Example of the docker error2023/08/16 13:10:24 Running command 'systemctl restart docker' Job for docker.service failed because the control process exited with error code.
Example of the compose errorTraceback (most recent call last): File "/usr/local/bin/docker-compose", line 5, in <module> from compose.cli.main import main ModuleNotFoundError: No module named 'compose'
The above problem is related to docker and is solved by installing docker-compose version v2.
Solution
To solve the problem:
- Connect to the server with the platform via SSH.
-
Download and install docker-compose with the command
curl -SL https://github.com/docker/compose/releases/download/v2.20.3/docker-compose-linux-x86_64 -o /usr/local/bin/docker-compose
Failed to install the gomon service on a new node
Description
The node connection is not working correctly. After connecting a new node, the following incorrect behavior is possible:
- false error messages. For example, Error #5344. Insufficient RAM on the node while the RAM index meets the requirements;
- libvirt and qemu version information is not updated;
- failed to create VMs on this node;
- VM migration to this node is unavailable;
- other problems on the new node.
The reason for this is that the gomon service failed to install when the new node was connected. Gomon is a service that runs on the node and is responsible for statistics and monitoring.
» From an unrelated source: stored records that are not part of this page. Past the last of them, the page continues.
Lemma unit_scal_cases (Z : NormedSpace) (x0 x : Z) (k : R) :
  nnorm x0 = 1 -> nnorm x = 1 -> x0 = nscal k x -> x = x0 \/ x = nscal (-1) x0.
Proof.
  intros Hx0 Hx E.
  assert (Hk : k = 1 \/ k = -1).
  { rewrite E, norm_scal, Hx in Hx0.
    destruct (Rcase_abs k); [rewrite Rabs_left in Hx0|rewrite Rabs_right in Hx0]; lra. }
  destruct Hk as [ -> | -> ].
  - left. rewrite E, scal_one. reflexivity.
  - right. rewrite E, scal_assoc. replace (-1 * -1) with 1 by ring.
    rewrite scal_one. reflexivity.
Qed.

Section Smoothness.
Variables (X Y : NormedSpace) (T : BL X Y).

Lemma M_T_opp x : M_T T x -> M_T T (nscal (-1) x).
Proof.
  intros [Hx HTx]. unfold M_T, in_sphere. rewrite app_scal, !nnorm_opp. auto.
Qed.

Lemma norming_eval x g : M_T T x -> norming Y (T x) g ->
  norming (Bnormed X Y) T (fun B => g (B x)).
Proof.
  intros [Hx HTx] [[[gD gZ] Hg] HgT].
  split; [split; [split|]|].
  - intros A B. apply gD.
  - intros a A. apply gZ.
  - intro B. change (Rabs (g (B x)) <= opnorm B).
    pose proof (opnorm_bound X Y B x) as H. unfold in_sphere in Hx. rewrite Hx in H.
    specialize (Hg (B x)). lra.
  - change (g (T x) = opnorm T). rewrite HgT. exact HTx.
Qed.

Lemma BJ_op_of_BJ_at x0 (A : BL X Y) : M_T T x0 -> BJ Y (T x0) (A x0) -> BJ (Bspace X Y) T A.
Proof.
  intros [Hx0 HTx0] Hbj l. change (opnorm (opadd X Y T (opscal X Y l A)) >= opnorm T).
  pose proof (opnorm_ub X Y (opadd X Y T (opscal X Y l A)) x0) as H. simpl in H.
  unfold in_sphere in Hx0. specialize (Hbj l). rewrite <- HTx0. lra.
Qed.

Section SmoothOperator.
Hypothesis T_smooth : smooth (Bspace X Y) T.

Lemma smooth_op_pos : 0 < opnorm T.
Proof. apply opnorm_pos. exact (proj1 T_smooth). Qed.

Lemma smooth_op_eval_eq x x' g g' : M_T T x -> M_T T x' ->
  norming Y (T x) g -> norming Y (T x') g' -> forall B : BL X Y, g (B x) = g' (B x').
Proof.
  intros Hx Hx' Hg Hg'. apply (smoothE (Bnormed X Y)) in T_smooth as [_ Huniq].
  apply equal_f, Huniq; apply norming_eval; assumption.
Qed.

Lemma smooth_op_M_T x0 x : M_T T x0 -> M_T T x -> x = x0 \/ x = nscal (-1) x0.
Proof.
  intros Hx0 Hx.
  destruct (norming_exists Y (T x0)) as [g0 Hg0].
  destruct (norming_exists Y (T x)) as [g Hg].
  pose proof smooth_op_pos as Hpos.
  set (k := g (T x0) / opnorm T).
  (* on u |-> h(u) T x0 the two support functionals give h(x) g(T x0) = h(x0) ||T|| *)
  assert (Ex0 : x0 = nscal k x).
  { apply eq_of_contractive. intros h Hh.
    pose proof (smooth_op_eval_eq x x0 g g0 Hx Hx0 Hg Hg0 (rank_one X Y h Hh (T x0))) as E.
    simpl in E. destruct Hh as [[_ hZ] _]. destruct Hg as [[[_ gZ] _] _].
    destruct Hg0 as [[[_ g0Z] _] g0T]. destruct Hx0 as [_ HTx0].
    rewrite gZ, g0Z, g0T, HTx0 in E. rewrite hZ. unfold k.
    apply (Rmult_eq_reg_r (opnorm T)); [|lra]. rewrite <- E. field. lra. }
  exact (unit_scal_cases X x0 x k (proj1 Hx0) (proj1 Hx) Ex0).
Qed.

Lemma smooth_op_at x0 : M_T T x0 -> smooth Y (T x0).
Proof.
  intro Hx0. pose proof smooth_op_pos as Hpos. pose proof Hx0 as [Hnx0 HTx0].
  apply smoothE. split.
  - intro E. rewrite E, norm_zero_Y in HTx0. lra.
  - intros g g' Hg Hg'. extensionality w.
    destruct (norming_exists X x0) as [h [Hh hx0]].
    pose proof (smooth_op_eval_eq x0 x0 g g' Hx0 Hx0 Hg Hg' (rank_one X Y h Hh w)) as E.
    simpl in E. unfold in_sphere in Hnx0. rewrite hx0, Hnx0, scal_one in E. exact E.
Qed.

Lemma smooth_op_BJ x0 (A : BL X Y) : M_T T x0 -> BJ (Bspace X Y) T A -> BJ Y (T x0) (A x0).
Proof.
  intros Hx0 Hbj.
  destruct (BJ_norming (Bnormed X Y) T A Hbj) as [F [HF HFA]].
  destruct (norming_exists Y (T x0)) as [g Hg].
  apply (smoothE (Bnormed X Y)) in T_smooth as [_ Huniq].
  rewrite (Huniq F (fun B => g (B x0)) HF (norming_eval x0 g Hx0 Hg)) in HFA.
  exact (norming_BJ Y _ _ g Hg HFA).
Qed.

End SmoothOperator.

Lemma smooth_op_of_smooth_at x0 : T <> opzero X Y -> M_T T x0 -> smooth Y (T x0) ->
  (forall A : BL X Y, BJ (Bspace X Y) T A -> BJ Y (T x0) (A x0)) -> smooth (Bspace X Y) T.
Proof.
  intros hT Hx0 Hsm Hiii.
  pose proof (opnorm_pos X Y T hT) as Hpos.
  apply (smoothE Y) in Hsm as [_ Huniq].
  destruct (norming_exists Y (T x0)) as [g Hg].
  pose proof (norming_eval x0 g Hx0 Hg) as HE.
  assert (Hall : forall F, norming (Bnormed X Y) T F -> F = (fun B => g (B x0))).
  { intros F HF. apply (linear_form_eq_of_ker (Bnormed X Y) _ _ T).
    - exact (proj1 (proj1 HF)).
    - exact (proj1 (proj1 HE)).
    - rewrite (proj2 HF), (proj2 HE). reflexivity.
    - rewrite (proj2 HF). change (opnorm T <> 0). lra.
    - intros B HFB. apply (norming_BJ (Bnormed X Y) T B F HF), Hiii in HFB.
      destruct (BJ_norming Y _ _ HFB) as [g' [Hg' Hg'B]].
      rewrite (Huniq g g' Hg Hg'). exact Hg'B. }
  apply (smoothE (Bnormed X Y)). split; [exact hT|].
  intros F F' HF HF'. rewrite (Hall F HF), (Hall F' HF'). reflexivity.
Qed.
To check the status of the gomon service, run the command on the node:
systemctl status gomon
If the service is not installed, the output is as follows:
Unit gomon.service could not be found.
Solution
To solve the problem:
- Connect to the server with the platform via SSH.
-
Restart the nodewatch container:
docker stop nodewatch
docker start nodewatch
After restarting, wait approximately 10 minutes. During this time, the gomon service will install on the node.
- Connect to the node server via SSH.
-
Check the status of the gomon service:
systemctl status gomon
-
Restart the gomon service:
systemctl restart gomon
If you check the node without the recommended wait of 10 minutes after restarting nodewatch, the results may not be displayed correctly.
The new node will then be connected without errors.
Error #5349 No connection to node
Description
This error usually occurs when there is no connection to a node. But in version 2023.07.1, the false error message #5349 appears when a user performs any action on a VM that is not connected to a node. For example, false error message #5349 may appear when changing the configuration or starting the VM.
Solution
To resolve the error:
- Connect to the server with the platform via SSH.
-
Restart the monitor service with the command:
docker exec -it vm_box supervisorctl restart monitor